[[ Extracted data, beginning ]]

(* Let $\mathcal{K}(\mathbb{X},\tau_{\mathbb{X}})$ be the set of $\tau_{\mathbb{X}}$-compact subsets of $\mathbb{X}=\max(\mathbb{D})$, ordered by reverse inclusion ($C\sqsubseteq C'$ iff $C'\subseteq C$), and let $\mathcal{L}(\mathbb{D})$ be the set of Scott-closed subsets of $\mathbb{D}$, ordered by inclusion. For $d\in\mathbb{D}$ write $\mathord{\uparrow}_{\max}d=\{x\in\max(\mathbb{D}) : d\le x\}$. Define $\gamma:\mathcal{K}(\mathbb{X},\tau_{\mathbb{X}})\to\mathcal{L}(\mathbb{D})$ and $\alpha:\mathcal{L}(\mathbb{D})\to\mathcal{K}(\mathbb{X},\tau_{\mathbb{X}})$ by $\gamma(C)=\{d\in\mathbb{D} : C\subseteq\mathord{\uparrow}_{\max}d\}$ and $\alpha(L)=\bigcap_{d\in L}\mathord{\uparrow}_{\max}d$ (with $\alpha(\emptyset)=\mathbb{X}$). Then these maps are well defined and form a Galois connection with $\alpha$ the upper adjoint of $\gamma$: both are monotone, $L\subseteq\gamma(\alpha(L))$ for all $L\in\mathcal{L}(\mathbb{D})$, and $\alpha(\gamma(C))\sqsubseteq C$ (i.e. $C\subseteq\alpha(\gamma(C))$) for all $C\in\mathcal{K}(\mathbb{X},\tau_{\mathbb{X}})$.
   Context: Fix a finite set $\mathrm{Act}$ of events. For a dcpo $D$, $K(D)$ denotes its compact elements; a bifinite (SFP) domain is an algebraic dcpo in which, for every finite $F\subseteq K(D)$, the set obtained from $F$ by repeatedly taking sets of minimal upper bounds is finite and contained in $K(D)$, and every upper bound of $F$ lies above a minimal upper bound of $F$. The Scott topology consists of the sets $U$ with $U={\uparrow}(U\cap K(D))$; the Lawson topology is generated by ${\uparrow}k\setminus{\uparrow}l$, $k,l\in K(D)$. The mixed powerdomain $\mathcal{M}(D)$ consists of pairs $(L,U)$ with $L$ Scott-closed, $U$ a Lawson-closed upper set, $L={\downarrow}(L\cap U)$, ordered by $(L,U)\le(L',U')$ iff $L\subseteq L'$ and $U'\subseteq U$. $\mathbb{D}$ is the initial solution over bifinite domains of $\mathbb{D}\cong\prod_{\alpha\in\mathrm{Act}}\mathcal{M}(\mathbb{D})$ (its elements model pointed modal transition systems up to refinement equivalence, maximal elements modelling pointed labelled transition systems up to bisimulation). $\mathbb{X}=\max(\mathbb{D})$ carries the topology $\tau_{\mathbb{X}}=\{U\cap\mathbb{X} : U\text{ Scott-open in }\mathbb{D}\}$. *)

From Stdlib Require Import List.
Import ListNotations.
Set Implicit Arguments.

Section Domain.
Variables (D : Type) (le : D -> D -> Prop).

Definition is_poset : Prop :=
  (forall x, le x x) /\ (forall x y z, le x y -> le y z -> le x z) /\
  (forall x y, le x y -> le y x -> x = y).

Definition upper_bound (S : D -> Prop) (u : D) : Prop := forall s, S s -> le s u.
Definition is_lub (S : D -> Prop) (u : D) : Prop :=
  upper_bound S u /\ forall v, upper_bound S v -> le u v.
Definition directed (S : D -> Prop) : Prop :=
  (exists s, S s) /\ forall x y, S x -> S y -> exists z, S z /\ le x z /\ le y z.
Definition is_dcpo : Prop := is_poset /\ forall S, directed S -> exists u, is_lub S u.

Definition compact (k : D) : Prop :=
  forall S u, directed S -> is_lub S u -> le k u -> exists s, S s /\ le k s.

Definition algebraic : Prop :=
  is_dcpo /\ forall x, directed (fun k => compact k /\ le k x) /\
                       is_lub (fun k => compact k /\ le k x) x.

Definition upset (S : D -> Prop) (x : D) : Prop := exists s, S s /\ le s x.
Definition downset (S : D -> Prop) (x : D) : Prop := exists s, S s /\ le x s.

Definition mub (F : list D) (m : D) : Prop :=
  upper_bound (fun x => In x F) m /\
  forall m', upper_bound (fun x => In x F) m' -> le m' m -> m' = m.

Inductive mub_closure (F : list D) : D -> Prop :=
 | mc_base x : In x F -> mub_closure F x
 | mc_step (G : list D) m : (forall g, In g G -> mub_closure F g) -> mub G m ->
     mub_closure F m.

Definition bifinite : Prop :=
  algebraic /\
  forall F : list D, (forall k, In k F -> compact k) ->
    (exists l : list D, forall x, mub_closure F x <-> In x l) /\
    (forall x, mub_closure F x -> compact x) /\
    (forall u, upper_bound (fun x => In x F) u -> exists m, mub F m /\ le m u).

Definition scott_open (U : D -> Prop) : Prop :=
  forall x, U x <-> exists k, U k /\ compact k /\ le k x.
Definition scott_closed (L : D -> Prop) : Prop := scott_open (fun x => ~ L x).

(* Lawson topology: generated by the sets up k and D \ up l, k, l compact
   (basic opens  up k1 /\ ... /\ up km \ (up l1 \/ ... \/ up ln)) *)
Definition lawson_open (O : D -> Prop) : Prop :=
  forall x, O x -> exists ks ls : list D,
    (forall k, In k ks -> compact k /\ le k x) /\
    (forall l, In l ls -> compact l /\ ~ le l x) /\
    (forall y, (forall k, In k ks -> le k y) -> (forall l, In l ls -> ~ le l y) -> O y).
Definition lawson_closed (U : D -> Prop) : Prop := lawson_open (fun x => ~ U x).

Definition mixed_pair (p : (D -> Prop) * (D -> Prop)) : Prop :=
  scott_closed (fst p) /\ lawson_closed (snd p) /\
  (forall x y, snd p x -> le x y -> snd p y) /\
  (forall x, fst p x <-> downset (fun y => fst p y /\ snd p y) x).

Definition MD : Type := { p : (D -> Prop) * (D -> Prop) | mixed_pair p }.

Definition MD_le (a b : MD) : Prop :=
  (forall x, fst (proj1_sig a) x -> fst (proj1_sig b) x) /\
  (forall x, snd (proj1_sig b) x -> snd (proj1_sig a) x).

Definition scott_closure (S : D -> Prop) (x : D) : Prop :=
  forall L, scott_closed L -> (forall s, S s -> L s) -> L x.
Definition image (f : D -> D) (S : D -> Prop) (y : D) : Prop := exists x, S x /\ y = f x.
Definition Mmap (f : D -> D) (p : (D -> Prop) * (D -> Prop)) : (D -> Prop) * (D -> Prop) :=
  (scott_closure (image f (fst p)), upset (image f (snd p))).

Definition maximal (x : D) : Prop := forall y, le x y -> y = x.
Definition upmax (d : D) (x : D) : Prop := maximal x /\ le d x.

(* compactness in tau_X = { U /\ X | U Scott-open } *)
Definition tauX_compact (C : D -> Prop) : Prop :=
  forall (I : Type) (U : I -> D -> Prop), (forall i, scott_open (U i)) ->
    (forall x, C x -> exists i, U i x) ->
    exists l : list I, forall x, C x -> exists i, In i l /\ U i x.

[[ Extracted data, end ]]

Would you copy out exactly the lines from the one holding "Definition scott_closure (S" through the end of the entries above, both ends included?

(Task output):
Definition scott_closure (S : D -> Prop) (x : D) : Prop :=
  forall L, scott_closed L -> (forall s, S s -> L s) -> L x.
Definition image (f : D -> D) (S : D -> Prop) (y : D) : Prop := exists x, S x /\ y = f x.
Definition Mmap (f : D -> D) (p : (D -> Prop) * (D -> Prop)) : (D -> Prop) * (D -> Prop) :=
  (scott_closure (image f (fst p)), upset (image f (snd p))).

Definition maximal (x : D) : Prop := forall y, le x y -> y = x.
Definition upmax (d : D) (x : D) : Prop := maximal x /\ le d x.

(* compactness in tau_X = { U /\ X | U Scott-open } *)
Definition tauX_compact (C : D -> Prop) : Prop :=
  forall (I : Type) (U : I -> D -> Prop), (forall i, scott_open (U i)) ->
    (forall x, C x -> exists i, U i x) ->
    exists l : list I, forall x, C x -> exists i, In i l /\ U i x.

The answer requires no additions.